(Reuters) – New orders for capital goods by U.S. businesses rebounded in August, pointing to underlying strength in the economy.
The economic outlook also got a lift from other data on Thursday showing only a marginal increase in the number of people filing new claims for unemployment benefits last week.
“This is supportive of the U.S. economy continuing to expand at a healthy pace in the second half of the year,” said Sam Bullard, a senior economist at Wells Fargo Securities in Charlotte, North Carolina.
The Commerce Department said non-defense capital goods orders excluding aircraft, a closely watched proxy for business spending plans, rose 0.6 percent. Orders for the so-called core capital goods orders fell by a revised 0.2 percent in July.
Last month’s increase was in line with expectations.
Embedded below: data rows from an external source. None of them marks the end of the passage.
(* Let $G$ be a finitely generated discrete group (considered as a zero-dimensional Stein group). Then for every continuous seminorm $q:\mathcal O_{\exp}(G)\to\mathbb R_+$ and every semicharacter $f:G\to[1,+\infty)$ one has $\sum_{x\in G}f(x)\,q(1_x)<\infty$.
   Context: For discrete $G$ every function is holomorphic. A semicharacter is a function $f:G\to[1,\infty)$ with $f(xy)\le f(x)f(y)$. $\mathcal O_{\exp}(G)$ is the set of functions $u:G\to\mathbb C$ with $|u|\le f$ for some semicharacter $f$; for each semicharacter $f$, $f^{\blacksquare}=\{u:|u|\le f\}$ is compact in the topology of pointwise convergence, $\mathbb Cf^{\blacksquare}=\bigcup_\lambda\lambda f^{\blacksquare}$ gets the topology in which a set is closed iff it meets every $\lambda f^{\blacksquare}$ in a pointwise-closed set, and $\mathcal O_{\exp}(G)$ carries the locally convex inductive limit topology of these spaces. $1_x$ denotes the characteristic function of $\{x\}$. *)

From Stdlib Require Import Reals List ClassicalEpsilon.
From Coquelicot Require Import Coquelicot.
Import ListNotations.
Open Scope R_scope.

Record Group := {
  carrier :> Type;
  gmul : carrier -> carrier -> carrier;
  gone : carrier;
  ginv : carrier -> carrier;
  gmul_assoc : forall x y z, gmul x (gmul y z) = gmul (gmul x y) z;
  gmul_1l : forall x, gmul gone x = x;
  gmul_Vl : forall x, gmul (ginv x) x = gone
}.

Definition finitely_generated (G : Group) : Prop :=
  exists gens : list (carrier G), forall x : G,
    exists w : list (bool * carrier G),
      (forall p : bool * carrier G, In p w -> In (snd p) gens) /\
      x = fold_right (fun (p : bool * carrier G) (acc : carrier G) => gmul G (if fst p then snd p else ginv G (snd p)) acc)
                     (gone G) w.

Definition semicharacter (G : Group) (f : G -> R) : Prop :=
  (forall x, 1 <= f x) /\ (forall x y, f (gmul G x y) <= f x * f y).

(* the set  r f^{box} = { u : |u| <= r f }  (for r >= 0 this is lambda f^box, |lambda| = r) *)
Definition box (G : Group) (f : G -> R) (r : R) (u : G -> C) : Prop :=
  forall x, Cmod (u x) <= r * f x.

Definition Oexp (G : Group) (u : G -> C) : Prop :=
  exists f, semicharacter G f /\ box G f 1 u.

Definition indic (G : Group) (x : G) : G -> C :=
  fun y => if excluded_middle_informative (y = x) then RtoC 1 else RtoC 0.

Definition seminorm_Oexp (G : Group) (q : (G -> C) -> R) : Prop :=
  (forall u, Oexp G u -> 0 <= q u) /\
  (forall u v, Oexp G u -> Oexp G v -> q (fun x => Cplus (u x) (v x)) <= q u + q v) /\
  (forall (c : C) u, Oexp G u -> q (fun x => Cmult c (u x)) = Cmod c * q u).
(* Assume the abstract framework described in the context. Let $f\in\mathcal{D}_2$. Then the element $$\mathbf{D}^{B}_\Omega f := -F|_\Omega + \big(\Pi^L(L(\mathbf{1}_\Omega F))\big)|_\Omega\in\mathcal{H}_2^\Omega$$ does not depend on the choice of $F\in\mathcal{H}_2$ with $\operatorname{Tr}_2F=f$; likewise $\mathbf{D}^{B}_{\mathcal{C}} f := -F|_{\mathcal{C}} + \big(\Pi^L(L(\mathbf{1}_{\mathcal{C}} F))\big)|_{\mathcal{C}}\in\mathcal{H}_2^{\mathcal{C}}$ does not depend on this choice. Moreover, for all $f\in\mathcal{D}_2$ and $g\in\mathcal{N}_2$, $$\|\mathbf{D}^{B}_\Omega f\|_{\mathcal{H}_2^\Omega}\le \frac{\|B^{\mathcal{C}}\|}{\lambda}\|f\|_{\mathcal{D}_2},\qquad \|\mathbf{D}^{B}_{\mathcal{C}} f\|_{\mathcal{H}_2^{\mathcal{C}}}\le \frac{\|B^{\Omega}\|}{\lambda}\|f\|_{\mathcal{D}_2},\qquad \|\mathbf{S}^L_\Omega g\|_{\mathcal{H}_2}\le \frac{1}{\lambda}\|g\|_{\mathcal{N}_2},$$ where $\|B^\Omega\|$, $\|B^{\mathcal C}\|$ denote the bounds (norms) of the bounded bilinear forms $B^\Omega$, $B^{\mathcal C}$.
   Context: Abstract framework. Let $\mathcal{H}_1,\mathcal{H}_2$ be complex Hilbert spaces, and for $j=1,2$ let $\widehat{\mathcal{H}}_j^\Omega$, $\widehat{\mathcal{H}}_j^{\mathcal{C}}$, $\widehat{\mathcal{D}}_j$ be normed (or seminormed) vector spaces. We are given bounded linear operators $\operatorname{Tr}_j:\mathcal{H}_j\to\widehat{\mathcal{D}}_j$ and bounded linear ''restriction'' operators $F\mapsto F|_\Omega$ from $\mathcal{H}_j$ to $\widehat{\mathcal{H}}_j^\Omega$ and $F\mapsto F|_{\mathcal{C}}$ from $\mathcal{H}_j$ to $\widehat{\mathcal{H}}_j^{\mathcal{C}}$. Define $\mathcal{H}_j^\Omega=\{F|_\Omega:F\in\mathcal{H}_j\}$ with norm $\|f\|_{\mathcal{H}_j^\Omega}=\inf\{\|F\|_{\mathcal{H}_j}:F|_\Omega=f\}$, similarly $\mathcal{H}_j^{\mathcal{C}}$, and $\mathcal{D}_j=\{\operatorname{Tr}_jF:F\in\mathcal{H}_j\}$ with norm $\|f\|_{\mathcal{D}_j}=\inf\{\|F\|_{\mathcal{H}_j}:\operatorname{Tr}_jF=f\}$ (each modulo elements of norm zero). Let $\mathcal{N}_2=\mathcal{D}_1^*$ and $\mathcal{N}_1=\mathcal{D}_2^*$ be the dual spaces, $\langle\cdot,\cdot\rangle$ denoting duality pairings. We are given bounded bilinear forms $B:\mathcal{H}_1\times\mathcal{H}_2\to\mathbb{C}$, $B^\Omega:\mathcal{H}_1^\Omega\times\mathcal{H}_2^\Omega\to\mathbb{C}$, $B^{\mathcal{C}}:\mathcal{H}_1^{\mathcal{C}}\times\mathcal{H}_2^{\mathcal{C}}\to\mathbb{C}$, and there is $\lambda>0$ such that for all $u\in\mathcal{H}_1$, $v\in\mathcal{H}_2$, and all $\varphi,\psi\in\mathcal{H}_j$ ($j\in\{1,2\}$): (i) $\sup_{w\in\mathcal{H}_1\setminus\{0\}}|B(w,v)|/\|w\|_{\mathcal{H}_1}\ge\lambda\|v\|_{\mathcal{H}_2}$ and $\sup_{w\in\mathcal{H}_2\setminus\{0\}}|B(u,w)|/\|w\|_{\mathcal{H}_2}\ge\lambda\|u\|_{\mathcal{H}_1}$; (ii) $B(u,v)=B^\Omega(u|_\Omega,v|_\Omega)+B^{\mathcal{C}}(u|_{\mathcal{C}},v|_{\mathcal{C}})$; (iii) if $\operatorname{Tr}_j\varphi=\operatorname{Tr}_j\psi$ then there is $w\in\mathcal{H}_j$ with $w|_\Omega=\varphi|_\Omega$, $w|_{\mathcal{C}}=\psi|_{\mathcal{C}}$ and $\operatorname{Tr}_jw=\operatorname{Tr}_j\varphi$. Definitions: for $u\in\mathcal{H}_2$, $Lu\in\mathcal{H}_1^*$ is given by $\langle\varphi,Lu\rangle=B(\varphi,u)$. For $u\in\mathcal{H}_2^\Omega$, $L(u\mathbf{1}_\Omega)\in\mathcal{H}_1^*$ is given by $\langle\varphi,L(u\mathbf{1}_\Omega)\rangle=B^\Omega(\varphi|_\Omega,u)$ for all $\varphi\in\mathcal{H}_1$; for $F\in\mathcal H_2$, $L(\mathbf 1_\Omega F)$ means $L(F|_\Omega\mathbf 1_\Omega)$; analogously $L(u\mathbf{1}_{\mathcal{C}})$ with $B^{\mathcal{C}}$. Newton potential: for $H\in\mathcal{H}_1^*$, $\Pi^LH$ is the unique element of $\mathcal{H}_2$ with $B(\varphi,\Pi^LH)=\langle\varphi,H\rangle$ for all $\varphi\in\mathcal{H}_1$ (it exists uniquely by the Babuška–Lax–Milgram theorem). Single layer potential: for $g\in\mathcal{N}_2$, $\mathbf{S}^L_\Omega g$ is the unique element of $\mathcal{H}_2$ with $B(\varphi,\mathbf{S}^L_\Omega g)=\langle\operatorname{Tr}_1\varphi,g\rangle$ for all $\varphi\in\mathcal{H}_1$. *)

From Stdlib Require Import Reals.
From Coquelicot Require Import Coquelicot.
Open Scope R_scope.

Definition is_hilbert (H : CompleteNormedModule C_AbsRing) : Prop :=
  exists ip : H -> H -> C,
    (forall x y z : H, ip (plus x y) z = (ip x z + ip y z)%C) /\
    (forall (a : C) (x y : H), ip (scal a x) y = (a * ip x y)%C) /\
    (forall x y : H, ip y x = Cconj (ip x y)) /\
    (forall x : H, ip x x = RtoC (norm x ^ 2)).

Definition is_seminorm (V : ModuleSpace C_Ring) (n : V -> R) : Prop :=
  (forall x y : V, n (plus x y) <= n x + n y) /\
  (forall (a : C) (x : V), n (scal a x) = Cmod a * n x).

Definition bounded_linear (H : CompleteNormedModule C_AbsRing)
  (V : ModuleSpace C_Ring) (n : V -> R) (T : H -> V) : Prop :=
  (forall x y : H, T (plus x y) = plus (T x) (T y)) /\
  (forall (a : C) (x : H), T (scal a x) = scal a (T x)) /\
  (exists M : R, forall x : H, n (T x) <= M * norm x).

Definition qnorm {H : CompleteNormedModule C_AbsRing} {V : Type}
  (T : H -> V) (x : V) : R :=
  real (Glb_Rbar (fun t => exists F : H, T F = x /\ t = norm F)).

Definition bounded_bilinear (H1 H2 : CompleteNormedModule C_AbsRing)
  (B : H1 -> H2 -> C) : Prop :=
  (forall (a : C) (x y : H1) (v : H2),
      B (plus (scal a x) y) v = (a * B x v + B y v)%C) /\
  (forall (a : C) (u : H1) (x y : H2),
      B u (plus (scal a x) y) = (a * B u x + B u y)%C) /\
  (exists M : R, forall u v, Cmod (B u v) <= M * norm u * norm v).

(* A bilinear form b on the image spaces H1^X = r1(H1), H2^X = r2(H2)
   (equipped with their quotient norms), bounded. *)
Definition bounded_bilinear_img {H1 H2 : CompleteNormedModule C_AbsRing}
  {X1 X2 : Type} (r1 : H1 -> X1) (r2 : H2 -> X2) (b : X1 -> X2 -> C) : Prop :=
  (forall (a : C) (x y : H1) (v : H2),
      b (r1 (plus (scal a x) y)) (r2 v) = (a * b (r1 x) (r2 v) + b (r1 y) (r2 v))%C) /\
  (forall (a : C) (u : H1) (x y : H2),
      b (r1 u) (r2 (plus (scal a x) y)) = (a * b (r1 u) (r2 x) + b (r1 u) (r2 y))%C) /\
  (exists M : R, forall u v,
      Cmod (b (r1 u) (r2 v)) <= M * qnorm r1 (r1 u) * qnorm r2 (r2 v)).

Definition bform_norm {H1 H2 : CompleteNormedModule C_AbsRing}
  {X1 X2 : Type} (r1 : H1 -> X1) (r2 : H2 -> X2) (b : X1 -> X2 -> C) : R :=
  real (Glb_Rbar (fun M => 0 <= M /\ forall u v,
      Cmod (b (r1 u) (r2 v)) <= M * qnorm r1 (r1 u) * qnorm r2 (r2 v))).

Definition in_dual {H : CompleteNormedModule C_AbsRing} {D : Type}
  (Tr : H -> D) (g : D -> C) : Prop :=
  (forall (a : C) (x y : H),
      g (Tr (plus (scal a x) y)) = (a * g (Tr x) + g (Tr y))%C) /\
  (exists M : R, forall x : H, Cmod (g (Tr x)) <= M * qnorm Tr (Tr x)).

Definition dual_norm {H : CompleteNormedModule C_AbsRing} {D : Type}
  (Tr : H -> D) (g : D -> C) : R :=
  real (Glb_Rbar (fun M => 0 <= M /\ forall x : H,
      Cmod (g (Tr x)) <= M * qnorm Tr (Tr x))).

(* L(u 1_X) in H1^*:  phi |-> b (r1 phi) u. *)
Definition L_ind {H1 : CompleteNormedModule C_AbsRing} {X1 X2 : Type}
  (b : X1 -> X2 -> C) (r1 : H1 -> X1) (u : X2) : H1 -> C :=
  fun phi => b (r1 phi) u.

(* u = Pi^L h  :  B(phi, u) = <phi, h> for all phi. *)
Definition is_newton {H1 H2 : CompleteNormedModule C_AbsRing}
  (B : H1 -> H2 -> C) (h : H1 -> C) (u : H2) : Prop :=
  forall phi : H1, B phi u = h phi.

(* s = S^L_Omega g :  B(phi, s) = <Tr1 phi, g> for all phi. *)
Definition is_single_layer {H1 H2 : CompleteNormedModule C_AbsRing} {D1 : Type}
  (B : H1 -> H2 -> C) (Tr1 : H1 -> D1) (g : D1 -> C) (s : H2) : Prop :=
  forall phi : H1, B phi s = g (Tr1 phi).

(* -F|_X + (Pi^L(L(1_X F)))|_X, where u stands for Pi^L(L(1_X F)). *)
Definition Dlayer {H2 : CompleteNormedModule C_AbsRing} {X : ModuleSpace C_Ring}
  (r : H2 -> X) (F u : H2) : X := plus (opp (r F)) (r u).

From Stdlib Require Import Reals Lra.
From Coquelicot Require Import Coquelicot.
Open Scope R_scope.

(* Write X for one of Omega, C and Y for the other.  Given two lifts F, F' of
   f, glue w with w|_X = F|_X and w|_Y = F'|_Y.  Then z := Pi^L(L(1_X F)) - w
   satisfies z|_X = D_X f and B(phi, z) = - B^Y(phi|_Y, F'|_Y): D_X f is the
   X-restriction of the solution of a problem that only involves F'.  By the
   inf-sup condition this solution is unique and has norm at most
   ||B^Y|| ||F'|| / lambda; taking the infimum over the lifts F' gives the
   bound.  The single layer bound is the inf-sup condition applied directly. *)

Lemma plus_minus_cancel_r {G : AbelianGroup} (x y : G) : plus (minus x y) y = x.
Proof. unfold minus. rewrite <- plus_assoc, plus_opp_l. apply plus_zero_r. Qed.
Core capital goods orders were previously reported to have declined 0.7 percent in July.
While orders for long-lasting manufactured goods, items ranging from toasters to aircraft that are meant to last three years or more, fell a record 18.2 percent, that was payback for an aircraft-driven jump in July.
Durable goods orders increased 22.5 percent in July, the largest gain since the government started tracking the series in 1992, as civilian aircraft orders soared 315.6 percent. Orders for the volatile transportation category declined 42.0 percent last month as aircraft orders tumbled 74.3 percent.
Boeing (BA.N) reported on its website that it had received 107 orders last month, a third of July’s outsized gains. Automobile orders fell 6.4 percent following a 10.0 percent increase the prior month.
The underlying trend in new orders, however, is up and further gains are likely in the months ahead.
A manufacturing survey early this month showed a measure of new orders jumped to a near 10-1/2-year high in August and businesses showed an increased appetite for capital spending.